Anticipating the worst, the man jumped up and flattened himself against the nearest wall while the brunka retreated to the doorway.
After a minute, an amber-furred monkey with a pale face and merry copper eyes smiled hugely at them both, showing an inch of pink gum. He scampered to the table and snatched up a heel of bread, which he crammed into his mouth. As soon as he swallowed, he tilted back his head and laughed a huffing, breathy laugh.
The brunka and the man smiled, although the man’s smile was hesitant.
“Is it . . .” the man said.
“I think so,” the brunka answered.
“Foh!” The man’s smile vanished. “They eat people! Do you think it ate Marya? Is it here to eat us?”
The monkey picked up two spoons and a ladle and juggled them while continuing to laugh.
“No . . .” The brunka shook his head. “If it was going to, it would have come in its own shape.”
“They’re gross, monstrous.”
Still laughing, the monkey darted to the brunka, pulled the blanket away from him, and dragged it outside, trailing it through snow that mounded to the monkey’s waist. The brunka lifted a cloak from a peg by the door and followed at a distance. On him, the snow reached his thighs.
A dozen yards from the cottage, with his back to Brunka Arnulf, the monkey shifted, this time into Count Jonty Um. Fee fi! He hastily pulled the blanket up and tied it around his waist. The snow rose only to just above his ankles.
Bracing himself for the brunka’s terror, he turned. He meant to keep his expression neutral, but a careful onlooker—Elodie or Masteress Meenore—would have seen the worry around his eyes and a smolder of resentment in the corners of his mouth. An unobservant person would have seen a glum face, not inviting, not friendly.
Brunka Arnulf didn’t step forward but he didn’t step back. If he felt fear, he kept the feeling in check. His voice careful, he said, “If you can be that laughing monkey, there must be some joy in you. Therefore, I’m happy to make your acquaintance. I’m Brunka Arnulf, which you may already have guessed.” He bowed but kept his eyes on the ogre’s face.
At the absence of fear and disgust, the face cracked into a smile that rounded His Lordship’s eyebrows, lifted his cheeks, and softened his eyes. The brunka’s peaceful smile widened, too, as it could hardly fail to.

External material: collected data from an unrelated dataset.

(* The rules (mix) and (sc$_n$) ($n\ge2$) are $\mathsf{GK(A_m)^r}$-admissible: for all finite multisets $\Gamma,\Delta,\Pi,\Sigma$ of $\mathcal{L}_{A_m}^{\Box}$-formulas, if $\Gamma\Rightarrow\Delta$ and $\Pi\Rightarrow\Sigma$ are $\mathsf{GK(A_m)^r}$-derivable then so is $\Gamma,\Pi\Rightarrow\Sigma,\Delta$; and for every $n\ge2$, if $n\Gamma\Rightarrow n\Delta$ is $\mathsf{GK(A_m)^r}$-derivable then so is $\Gamma\Rightarrow\Delta$.
   Context: $\mathcal{L}_{A_m}^{\Box}$-formulas are built from a countably infinite set of variables using binary $\to$ and unary $\Box$. A sequent $\Gamma\Rightarrow\Delta$ is an ordered pair of finite multisets of formulas; $\Gamma,\Delta$ is multiset union, $n\Gamma$ is $\Gamma$ repeated $n$ times, $n[\varphi]$ is $n$ copies of $\varphi$, $\Box\Gamma=[\Box\varphi:\varphi\in\Gamma]$. The calculus $\mathsf{GK(A_m)^r}$ has the rules: (id) $\Delta\Rightarrow\Delta$ (no premises); ($\to\Rightarrow$) from $\Gamma,\psi\Rightarrow\varphi,\Delta$ infer $\Gamma,\varphi\to\psi\Rightarrow\Delta$; ($\Rightarrow\to$) from $\Gamma,\varphi\Rightarrow\psi,\Delta$ infer $\Gamma\Rightarrow\varphi\to\psi,\Delta$; and for each $k\ge1$, $n\ge0$ the rule ($\Box_{k,n}$): from $\Gamma_0\Rightarrow$ and $\Gamma_i\Rightarrow k[\varphi_i]$ ($i=1,\dots,n$) infer $\Delta,\Box\Gamma\Rightarrow\Box\varphi_1,\dots,\Box\varphi_n,\Delta$, where $k\Gamma=\Gamma_0\uplus\Gamma_1\uplus\dots\uplus\Gamma_n$. A derivation is a finite tree of sequents in which each node with its parents is a rule instance. *)

From Stdlib Require Import List Permutation Arith.
Import ListNotations.

Inductive form : Type :=
| Var : nat -> form
| Imp : form -> form -> form
| Box : form -> form.

Fixpoint rep {A : Type} (n : nat) (l : list A) : list A :=
  match n with
  | 0 => []
  | S n' => l ++ rep n' l
  end.

(* Multisets are represented by lists; every rule's conclusion is taken
   up to permutation of antecedent and succedent, so [GKr G D] depends only
   on the multisets underlying G and D. *)
Inductive GKr : list form -> list form -> Prop :=
| GK_id : forall G D X,
    Permutation G X -> Permutation D X -> GKr G D
| GK_impL : forall G D Gm Dl phi psi,
    GKr (Gm ++ [psi]) (phi :: Dl) ->
    Permutation G (Gm ++ [Imp phi psi]) -> Permutation D Dl ->
    GKr G D
| GK_impR : forall G D Gm Dl phi psi,
    GKr (Gm ++ [phi]) (psi :: Dl) ->
    Permutation G Gm -> Permutation D (Imp phi psi :: Dl) ->
    GKr G D
(* (Box_{k,n}): ps = [(Gamma_1,phi_1); ...; (Gamma_n,phi_n)] *)
| GK_box : forall (k : nat) (G D Dl Gm G0 : list form)
                  (ps : list (list form * form)),
    1 <= k ->
    Permutation (rep k Gm) (G0 ++ concat (map fst ps)) ->
    GKr G0 [] ->
    (forall p, In p ps -> GKr (fst p) (repeat (snd p) k)) ->
    Permutation G (Dl ++ map Box Gm) ->
    Permutation D (map Box (map snd ps) ++ Dl) ->
    GKr G D.

From Stdlib Require Import List Permutation Arith Lia Morphisms.
Import ListNotations.

(* Mix is proved for a finite family of derivable sequents at once, by induction on
   the largest height of their derivations and, for a fixed height, on their total
   size.  A member whose derivation ends in (id) is dropped, since the conclusion of
   (id) can be added to any derivable sequent; one ending in (->=>) or (=>->) is
   replaced by its premise.  If all members end in box rules (Box_{k_i}), then with k
   the product of the k_i, the k / k_i-fold mix of each premise turns the family into
   a single instance of (Box_k) whose premises are mixes of derivations of smaller
   height.

   Mix makes the implication rules invertible: in the box case the principal
   implication lies in the context of the box rule, i.e. on both sides.  Then (sc_n)
   follows by induction on size.  If Gamma or Delta contains an implication, its n
   copies in nGamma => nDelta are inverted.  Otherwise nGamma => nDelta is the
   conclusion of (id), so Gamma and Delta agree, or of (Box_k): merging the n premises
   for each boxed formula of Delta yields an instance of (Box_{nk}) with conclusion
   Gamma => Delta. *)

Section PermutationSolver.
Context {A : Type}.
Implicit Types (x y : A) (a b l r R X : list A).

Lemma perm_skip_cons x y l X : Permutation l (x :: X) -> Permutation (y :: l) (x :: y :: X).
Proof. intros H; rewrite H; apply perm_swap. Qed.

Lemma perm_skip_app x b l X : Permutation l (x :: X) -> Permutation (b ++ l) (x :: b ++ X).
Proof. intros H; rewrite H; symmetry; apply Permutation_middle. Qed.

Lemma perm_skip_cons_app a y l X : Permutation l (a ++ X) -> Permutation (y :: l) (a ++ y :: X).
Proof. intros H; rewrite H; apply Permutation_middle. Qed.

Lemma perm_skip_app_app a b l X : Permutation l (a ++ X) -> Permutation (b ++ l) (a ++ b ++ X).
Proof. intros H; rewrite H, !app_assoc; apply Permutation_app_tail, Permutation_app_comm. Qed.

Lemma perm_app_nil a : Permutation a (a ++ []).
Proof. rewrite app_nil_r; reflexivity. Qed.

Lemma perm_take_cons x r R X : Permutation R (x :: X) -> Permutation r X -> Permutation (x :: r) R.
Proof. intros H1 H2; rewrite H1, H2; reflexivity. Qed.

Lemma perm_take_app a r R X : Permutation R (a ++ X) -> Permutation r X -> Permutation (a ++ r) R.
Proof. intros H1 H2; rewrite H1, H2; reflexivity. Qed.

Lemma perm_take_last a R X : Permutation R (a ++ X) -> Permutation [] X -> Permutation a R.
Proof. intros H1 H2; rewrite H1, <- H2, app_nil_r; reflexivity. Qed.

End PermutationSolver.

(* [perm_find] solves [Permutation R (x :: ?X)] or [Permutation R (a ++ ?X)] by
   locating the element [x], resp. the list [a], in [R]. *)
Ltac perm_find :=
  match goal with
  | |- Permutation (?x :: _) (?x :: _) => apply Permutation_refl
  | |- Permutation (_ :: _) (_ :: _) => apply perm_skip_cons; perm_find
  | |- Permutation (_ ++ _) (_ :: _) => apply perm_skip_app; perm_find
  | |- Permutation (?a ++ _) (?a ++ _) => apply Permutation_refl
  | |- Permutation ?a (?a ++ _) => apply perm_app_nil
  | |- Permutation (_ :: _) (_ ++ _) => apply perm_skip_cons_app; perm_find
  | |- Permutation (_ ++ _) (_ ++ _) => apply perm_skip_app_app; perm_find
  end.

Ltac perm_match :=
  match goal with
  | |- Permutation ?l ?l => apply Permutation_refl
  | |- Permutation (?x :: ?r) ?R => eapply (perm_take_cons x r R); [perm_find | perm_match]
  | |- Permutation (?a ++ ?r) ?R => eapply (perm_take_app a r R); [perm_find | perm_match]
  | |- Permutation ?a ?R => eapply (perm_take_last a R); [perm_find | perm_match]
  end.

(* Proves [Permutation l r] when [l] and [r] are built by [::] and [++] from the
   same elements and the same list subterms. *)
Ltac perm := simpl; rewrite <- ?app_assoc, ?app_nil_r; simpl; perm_match.

Section Rep.
Context {A : Type}.
Implicit Types (x : A) (a b l : list A).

“Count Jonty Um of Two Castles.” His bow was a mere inclination
of the shoulders. Then he shook his head, shaking the smile away. “I have terrible tidings.” He explained what he knew of the theft of the Replica. “The high brunka says everyone should leave . . .” He trailed off because Brunka Arnulf had run back into the cottage.

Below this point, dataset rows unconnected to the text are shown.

(* A persistence module: a functor [0,oo) -> Vec_Q.  The structure map
   pm_map r s is only meaningful (and only constrained) when r <= s. *)
Record pmod := PMod {
  pm_V :> Rnn -> lmodType rat;
  pm_map : forall r s : Rnn, pm_V r -> pm_V s;
  pm_map_lin : forall r s, rnn_le r s ->
    forall (a : rat) (x y : pm_V r), pm_map s (a *: x + y) = a *: pm_map s x + pm_map s y;
  pm_map_id : forall r (x : pm_V r), pm_map r x = x;
  pm_map_comp : forall r s t, rnn_le r s -> rnn_le s t ->
    forall x : pm_V r, pm_map t (pm_map s x) = pm_map t x
}.
Arguments pm_map : clear implicits.

(* A persistent (non-negatively graded, rational) cochain complex:
   a functor [0,oo) -> Ch^*_Q, given degreewise by persistence modules
   X^k = pc_mod k together with natural differentials d^k : X^k -> X^{k+1}. *)
Record pcomplex := PComplex {
  pc_mod : nat -> pmod;
  pc_d : forall (k : nat) (r : Rnn), pc_mod k r -> pc_mod k.+1 r;
  pc_d_lin : forall k r (a : rat) (x y : pc_mod k r),
    pc_d (a *: x + y) = a *: pc_d x + pc_d y;
  pc_dd : forall k r (x : pc_mod k r), pc_d (pc_d x) = 0;
  pc_d_nat : forall k r s, rnn_le r s -> forall x : pc_mod k r,
    pc_d (pm_map (pc_mod k) r s x) = pm_map (pc_mod k.+1) r s (pc_d x)
}.
Arguments pc_d : clear implicits.

Definition fd_subspace (V : lmodType rat) (P : V -> Prop) : Prop :=
  exists vs : seq V, (forall i, leq i.+1 (size vs) -> P (nth 0 vs i)) /\
    forall x, P x -> exists c : 'I_(size vs) -> rat,
      x = \sum_(i < size vs) c i *: nth 0 vs i.

Definition is_submod (M : pmod) (S : forall r, M r -> Prop) : Prop :=
  (forall r, S r 0) /\
  (forall r (a : rat) (x y : M r), S r x -> S r y -> S r (a *: x + y)) /\
  (forall r s (x : M r), rnn_le r s -> S r x -> S s (pm_map M r s x)).

Definition restr_iso (M : pmod) (S : forall r, M r -> Prop) (r s : Rnn) : Prop :=
  (forall x y : M r, S r x -> S r y -> pm_map M r s x = pm_map M r s y -> x = y) /\
  (forall y : M s, S s y -> exists x : M r, S r x /\ pm_map M r s x = y).

Definition tame_wrt (T : list R) (M : pmod) (S : forall r, M r -> Prop) : Prop :=
  forall r s : Rnn, rnn_le r s ->
    (forall t, List.In t T -> ~ (Rlt (proj1_sig r) t /\ Rle t (proj1_sig s))) ->
    restr_iso S r s.

Definition compact_submod (M : pmod) (S : forall r, M r -> Prop) : Prop :=
  is_submod S /\ (exists T : list R, tame_wrt T S) /\ (forall r, fd_subspace (S r)).

Definition locally_compact_mod (M : pmod) : Prop :=
  forall r (x : M r), exists S : forall r, M r -> Prop, compact_submod S /\ S r x.

Definition is_subcomplex (X : pcomplex) (S : forall k r, pc_mod X k r -> Prop) : Prop :=
  (forall k, is_submod (S k)) /\
  (forall k r (x : pc_mod X k r), S k r x -> S k.+1 r (pc_d X k r x)).

Definition compact_subcomplex (X : pcomplex) (S : forall k r, pc_mod X k r -> Prop) : Prop :=
  is_subcomplex S /\
  (exists T : list R, forall k, tame_wrt T (S k)) /\
  (forall r, exists N : nat, forall k, leq N.+1 k -> forall x, S k r x -> x = 0) /\
  (forall k r, fd_subspace (S k r)).

Definition locally_compact_complex (X : pcomplex) : Prop :=
  forall k r (x : pc_mod X k r),
    exists S : forall k r, pc_mod X k r -> Prop, compact_subcomplex S /\ S k r x.

From Stdlib Require Import RIneq Lra Classical.
From Stdlib Require List.
From HB Require Import structures.
From mathcomp Require Import all_boot all_order all_algebra.

Set Implicit Arguments.
Unset Strict Implicit.
Unset Printing Implicit Defensive.

Import GRing.Theory.
Local Open Scope ring_scope.

(* A compact subcomplex is degreewise a compact submodule.  Conversely, if
   x in X^k(r) lies in a compact submodule C of X^k, then C in degree k, its
   image dC in degree k+1 and 0 elsewhere form a compact subcomplex containing
   x.  Only the tameness of dC needs an argument: its structure maps are onto
   because those of C are, but their kernels may change at values that are not
   critical for C.  Such values are death times of elements of the
   finite-dimensional spaces dC(b), b = 0 or a critical value of C.  In a locally
   compact module an element dies at a critical value of a compact submodule
   containing it, and elements with pairwise distinct death times are linearly
   independent, so a finite-dimensional subspace has finitely many death times,
   which are added to the critical values of C. *)

Section LinearFun.
Variables (F : pzRingType) (U V : lmodType F) (f : U -> V).
Hypothesis f_linear : linear f.

Let fL : {linear U -> V} := HB.pack f (GRing.isLinear.Build _ _ _ _ f f_linear).

Lemma linear_fun0 : f 0 = 0.
Proof. exact: (linear0 fL). Qed.

Lemma linear_fun_sum n (a : 'I_n -> F) (x : 'I_n -> U) :
  f (\sum_(i < n) a i *: x i) = \sum_(i < n) a i *: f (x i).
Proof. by rewrite -[f _]/(fL _) linear_sum; apply: eq_bigr => i _; rewrite linearZ. Qed.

The brunka reemerged in a minute. “Canute will begin the alarm. My other bees are helping families and flocks. If only there weren’t so much snow! Will you stay to help, Master Count?”
“No. I have questions to ask you and then I must return with the answers.”
“Ask.” He put the high brunka’s medal in his purse.
“Do you know of anyone who is angry at brunkas or anyone on Zertrum”—he didn’t like asking the rest of the question because it sounded strange, but he did—“or even angry at the mountain itself?”
“You’re helping Marya find the thief!”
“Yes.” He didn’t want to bring a dragon into the discussion. He shivered in the cold, and his stomach rumbled.
Canute-bee, casting frightened looks at His Lordship, led a horse out of the stable and mounted it. He started down the mountain, the horse making slow progress through the snow, despite Canute-bee’s frantic slaps on the beast’s rump.
“People are angry,” Brunka Arnulf said, “then not angry, then angry again. They don’t steal the Replica every time they’re vexed.” Thoughtfully he flicked a short rainbow out of his right hand. It hung in the air for a few seconds before fading.
His Lordship wished he’d do it again and again.
“Folks don’t tell us about every argument.”
“Someone did steal it,” His Lordship said.
“So you say.” He sighed. “Franz was angry.” He explained that he had told his bees not to help a farmer named Franz after his shed burned down for the second time. “He’ll be more careful in the future. He put up a new shed, which took longer without our aid, but I brought him a basket of eggs a month later. He invited me in for a meal, and we were jolly together.”